Using the records below, filter for lines that contain the string "body" and copy them out.
*** Opening of Exercise data ***
(* The evaluation relation $\succ^*$ on term distributions satisfies: (1) $\vec 0\succ^*\vec 0$; (2) if $\vec t\succ^*\vec t'$ then $\alpha\cdot\vec t\succ^*\alpha\cdot\vec t'$ for all $\alpha\in\mathbb C$; (3) if $\vec t_1\succ^*\vec t'_1$ and $\vec t_2\succ^*\vec t'_2$ then $\vec t_1+\vec t_2\succ^*\vec t'_1+\vec t'_2$.
   Context: Calculus. Pure values: $v,w::=x\mid\lambda x.\vec{s}\mid *\mid (v_1,v_2)\mid \mathtt{inl}(v)\mid\mathtt{inr}(v)$. Pure terms: $s,t::=v\mid s\,t\mid t;\vec{s}\mid \mathtt{let}\,(x_1,x_2)=t\,\mathtt{in}\,\vec{s}\mid \mathtt{match}\,t\,\{\mathtt{inl}\,x_1\mapsto\vec{s}_1\mid\mathtt{inr}\,x_2\mapsto\vec{s}_2\}$. Term distributions $\vec{t}::=\vec{0}\mid t\mid \vec{s}+\vec{t}\mid\alpha\cdot\vec{t}$ ($\alpha\in\mathbb{C}$), with top-level equality modulo the weak-vector-space congruence (commutative monoid for $+,\vec0$; $1\cdot\vec t=\vec t$; $\alpha\cdot(\beta\cdot\vec t)=\alpha\beta\cdot\vec t$; both distributivity laws), not acting inside pure terms; $0\cdot t\neq\vec0$. Constructs extended by linearity. Atomic evaluation $\triangleright$ (pure term to distribution) is the call-by-value relation: $(\lambda x.\vec t)\,v\triangleright\vec t[x:=v]$; $*;\vec s\triangleright\vec s$; $\mathtt{let}\,(x,y)=(v,w)\,\mathtt{in}\,\vec s\triangleright\vec s[x:=v,y:=w]$; $\mathtt{match}\,\mathtt{inl}(v)\{\ldots\}\triangleright\vec s_1[x_1:=v]$, $\mathtt{match}\,\mathtt{inr}(v)\{\ldots\}\triangleright\vec s_2[x_2:=v]$; and if $t\triangleright\vec t'$ then $s\,t\triangleright s\,\vec t'$, $t\,v\triangleright\vec t'\,v$, and reduction in the scrutinee of $;$, let, match. One-step evaluation: $\vec t\succ\vec t'$ iff $\vec t=\alpha\cdot s+\vec r$, $\vec t'=\alpha\cdot\vec s'+\vec r$ with $s\triangleright\vec s'$. $\succ^*$ is the reflexive-transitive closure of $\succ$. *)

From Stdlib Require Import Reals.
From Coquelicot Require Import Coquelicot.
Local Open Scope nat_scope.

(* Variables are de Bruijn indices.
   - lambda binds one variable (index 0 in the body);
   - let (x1,x2) = t in body binds two: x2 is index 0 and x1 is index 1;
   - each match branch binds one variable (index 0). *)

Inductive value : Type :=
  | VVar  : nat -> value
  | VLam  : tdist -> value
  | VUnit : value
  | VPair : value -> value -> value
  | VInl  : value -> value
  | VInr  : value -> value
with term : Type :=
  | TVal   : value -> term
  | TApp   : term -> term -> term
  | TSeq   : term -> tdist -> term
  | TLet   : term -> tdist -> term
  | TMatch : term -> tdist -> tdist -> term
with tdist : Type :=
  | DZero  : tdist
  | DTerm  : term -> tdist
  | DPlus  : tdist -> tdist -> tdist
  | DScale : C -> tdist -> tdist.

Definition upren (r : nat -> nat) : nat -> nat :=
  fun n => match n with 0 => 0 | S m => S (r m) end.

Fixpoint ren_v (r : nat -> nat) (v : value) {struct v} : value :=
  match v with
  | VVar n => VVar (r n)
  | VLam d => VLam (ren_d (upren r) d)
  | VUnit => VUnit
  | VPair a b => VPair (ren_v r a) (ren_v r b)
  | VInl a => VInl (ren_v r a)
  | VInr a => VInr (ren_v r a)
  end
with ren_t (r : nat -> nat) (t : term) {struct t} : term :=
  match t with
  | TVal v => TVal (ren_v r v)
  | TApp s u => TApp (ren_t r s) (ren_t r u)
  | TSeq u d => TSeq (ren_t r u) (ren_d r d)
  | TLet u d => TLet (ren_t r u) (ren_d (upren (upren r)) d)
  | TMatch u d1 d2 => TMatch (ren_t r u) (ren_d (upren r) d1) (ren_d (upren r) d2)
  end
with ren_d (r : nat -> nat) (d : tdist) {struct d} : tdist :=
  match d with
  | DZero => DZero
  | DTerm t => DTerm (ren_t r t)
  | DPlus a b => DPlus (ren_d r a) (ren_d r b)
  | DScale a e => DScale a (ren_d r e)
  end.

Definition up (s : nat -> value) : nat -> value :=
  fun n => match n with 0 => VVar 0 | S m => ren_v S (s m) end.

Fixpoint subst_v (s : nat -> value) (v : value) {struct v} : value :=
  match v with
  | VVar n => s n
  | VLam d => VLam (subst_d (up s) d)
  | VUnit => VUnit
  | VPair a b => VPair (subst_v s a) (subst_v s b)
  | VInl a => VInl (subst_v s a)
  | VInr a => VInr (subst_v s a)
  end
with subst_t (s : nat -> value) (t : term) {struct t} : term :=
  match t with
  | TVal v => TVal (subst_v s v)
  | TApp a b => TApp (subst_t s a) (subst_t s b)
  | TSeq u d => TSeq (subst_t s u) (subst_d s d)
  | TLet u d => TLet (subst_t s u) (subst_d (up (up s)) d)
  | TMatch u d1 d2 => TMatch (subst_t s u) (subst_d (up s) d1) (subst_d (up s) d2)
  end
with subst_d (s : nat -> value) (d : tdist) {struct d} : tdist :=
  match d with
  | DZero => DZero
  | DTerm t => DTerm (subst_t s t)
  | DPlus a b => DPlus (subst_d s a) (subst_d s b)
  | DScale a e => DScale a (subst_d s e)
  end.

Definition subst1 (v : value) : nat -> value :=
  fun n => match n with 0 => v | S m => VVar m end.
Definition subst2 (v w : value) : nat -> value :=
  fun n => match n with 0 => w | 1 => v | S (S m) => VVar m end.

Fixpoint lin (f : term -> term) (d : tdist) : tdist :=
  match d with
  | DZero => DZero
  | DTerm t => DTerm (f t)
  | DPlus a b => DPlus (lin f a) (lin f b)
  | DScale a e => DScale a (lin f e)
  end.

(* Top-level equality of distributions: weak vector space congruence
   (does not act inside pure terms; 0 . t is NOT identified with 0). *)
Inductive deq : tdist -> tdist -> Prop :=
  | deq_refl  : forall d, deq d d
  | deq_sym   : forall d e, deq d e -> deq e d
  | deq_trans : forall d e f, deq d e -> deq e f -> deq d f
  | deq_plus  : forall d d' e e', deq d d' -> deq e e' -> deq (DPlus d e) (DPlus d' e')
  | deq_scale : forall a d d', deq d d' -> deq (DScale a d) (DScale a d')
  | deq_comm  : forall d e, deq (DPlus d e) (DPlus e d)
  | deq_assoc : forall d e f, deq (DPlus (DPlus d e) f) (DPlus d (DPlus e f))
  | deq_zero  : forall d, deq (DPlus DZero d) d
  | deq_one   : forall d, deq (DScale (RtoC 1%R) d) d
  | deq_scale_scale : forall a b d, deq (DScale a (DScale b d)) (DScale (a * b)%C d)
  | deq_distr_l : forall a d e, deq (DScale a (DPlus d e)) (DPlus (DScale a d) (DScale a e))
  | deq_distr_r : forall a b d, deq (DScale (a + b)%C d) (DPlus (DScale a d) (DScale b d)).

Inductive atomic : term -> tdist -> Prop :=
  | at_beta : forall d v,
      atomic (TApp (TVal (VLam d)) (TVal v)) (subst_d (subst1 v) d)
  | at_seq : forall d, atomic (TSeq (TVal VUnit) d) d
  | at_let : forall v w d,
      atomic (TLet (TVal (VPair v w)) d) (subst_d (subst2 v w) d)
  | at_inl : forall v d1 d2,
      atomic (TMatch (TVal (VInl v)) d1 d2) (subst_d (subst1 v) d1)
  | at_inr : forall v d1 d2,
      atomic (TMatch (TVal (VInr v)) d1 d2) (subst_d (subst1 v) d2)
  | at_app_r : forall s t d, atomic t d -> atomic (TApp s t) (lin (TApp s) d)
  | at_app_l : forall t v d, atomic t d ->
      atomic (TApp t (TVal v)) (lin (fun u => TApp u (TVal v)) d)
  | at_seq_ctx : forall t e d, atomic t d ->
      atomic (TSeq t e) (lin (fun u => TSeq u e) d)
  | at_let_ctx : forall t e d, atomic t d ->
      atomic (TLet t e) (lin (fun u => TLet u e) d)
  | at_match_ctx : forall t e1 e2 d, atomic t d ->
      atomic (TMatch t e1 e2) (lin (fun u => TMatch u e1 e2) d).

Definition step (d d' : tdist) : Prop :=
  exists (a : C) (s : term) (s' r : tdist),
    deq d (DPlus (DScale a (DTerm s)) r) /\
    deq d' (DPlus (DScale a s') r) /\
    atomic s s'.

Inductive steps : tdist -> tdist -> Prop :=
  | steps_refl : forall d d', deq d d' -> steps d d'
  | steps_step : forall d d' d'', step d d' -> steps d' d'' -> steps d d''.

From Stdlib Require Import Reals.
From Coquelicot Require Import Coquelicot.

(* A one-step redex decomposition [a . s + r] of [d] yields the decomposition
   [(c a) . s + c . r] of [c . d] and [a . s + (r + e)] of [d + e], so single steps
   are closed under scaling and under adding a context on either side; the closure
   properties of [steps] follow by induction, reducing a sum left summand first. *)

Lemma steps_deq_l (d e f : tdist) : deq d e -> steps e f -> steps d f.
Proof.
  intros Hde Hef. destruct Hef as [e f Hef | e e' f [a [s [s' [r [Hdec [Hdec' Hat]]]]]] Hrest].
  - apply steps_refl. eapply deq_trans; eauto.
  - apply steps_step with e'; [|exact Hrest].
    exists a, s, s', r. split; [eapply deq_trans; eauto | auto].
Qed.

Lemma steps_trans (d e f : tdist) : steps d e -> steps e f -> steps d f.
Proof.
  intros Hde. induction Hde as [d e Hde | d d' e Hstep Hrest IH]; intros Hef.
  - eapply steps_deq_l; eauto.
  - eapply steps_step; eauto.
Qed.

Lemma deq_scale_redex (c a : C) (s r : tdist) :
  deq (DScale c (DPlus (DScale a s) r)) (DPlus (DScale (c * a) s) (DScale c r)).
Proof.
  eapply deq_trans; [apply deq_distr_l |].
  apply deq_plus; [apply deq_scale_scale | apply deq_refl].
Qed.

Lemma step_scale (c : C) (d d' : tdist) : step d d' -> step (DScale c d) (DScale c d').
Proof.
  intros [a [s [s' [r [Hdec [Hdec' Hat]]]]]].
  exists (c * a)%C, s, s', (DScale c r). split; [|split; [|exact Hat]].
  - eapply deq_trans; [apply deq_scale, Hdec | apply deq_scale_redex].
  - eapply deq_trans; [apply deq_scale, Hdec' | apply deq_scale_redex].
Qed.

Lemma step_plus_l (d d' e : tdist) : step d d' -> step (DPlus d e) (DPlus d' e).
Proof.
  intros [a [s [s' [r [Hdec [Hdec' Hat]]]]]].
  exists a, s, s', (DPlus r e). split; [|split; [|exact Hat]].
  - eapply deq_trans; [apply deq_plus; [exact Hdec | apply deq_refl] | apply deq_assoc].
  - eapply deq_trans; [apply deq_plus; [exact Hdec' | apply deq_refl] | apply deq_assoc].
Qed.

Lemma steps_scale (c : C) (d d' : tdist) : steps d d' -> steps (DScale c d) (DScale c d').
Proof.
  intros Hdd'. induction Hdd' as [d d' Hdd' | d d' d'' Hstep Hrest IH].
  - apply steps_refl, deq_scale, Hdd'.
  - apply steps_step with (DScale c d'); [apply step_scale |]; assumption.
Qed.

Lemma steps_plus_l (d d' e : tdist) : steps d d' -> steps (DPlus d e) (DPlus d' e).
Proof.
  intros Hdd'. induction Hdd' as [d d' Hdd' | d d' d'' Hstep Hrest IH].
  - apply steps_refl, deq_plus; [exact Hdd' | apply deq_refl].
  - apply steps_step with (DPlus d' e); [apply step_plus_l |]; assumption.
Qed.

Lemma steps_plus_r (d e e' : tdist) : steps e e' -> steps (DPlus d e) (DPlus d e').
Proof.
  intros Hee'.
  apply steps_deq_l with (DPlus e d); [apply deq_comm |].
  apply steps_trans with (DPlus e' d); [apply steps_plus_l, Hee' |].
  apply steps_refl, deq_comm.
Qed.

Lemma steps_plus (d d' e e' : tdist) :
  steps d d' -> steps e e' -> steps (DPlus d e) (DPlus d' e').
Proof.
  intros Hdd' Hee'.
  apply steps_trans with (DPlus d' e); [apply steps_plus_l | apply steps_plus_r]; assumption.
Qed.

Theorem mainTheorem9 :
  steps DZero DZero /\
  (forall (a : C) (t t' : tdist), steps t t' -> steps (DScale a t) (DScale a t')) /\
  (forall t1 t1' t2 t2' : tdist,
      steps t1 t1' -> steps t2 t2' -> steps (DPlus t1 t2) (DPlus t1' t2')).
Proof.
  split; [apply steps_refl, deq_refl | split].
  - exact steps_scale.
  - exact steps_plus.
Qed.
*** Close of Exercise data ***
*Exercise response:*
   - lambda binds one variable (index 0 in the body);
   - let (x1,x2) = t in body binds two: x2 is index 0 and x1 is index 1;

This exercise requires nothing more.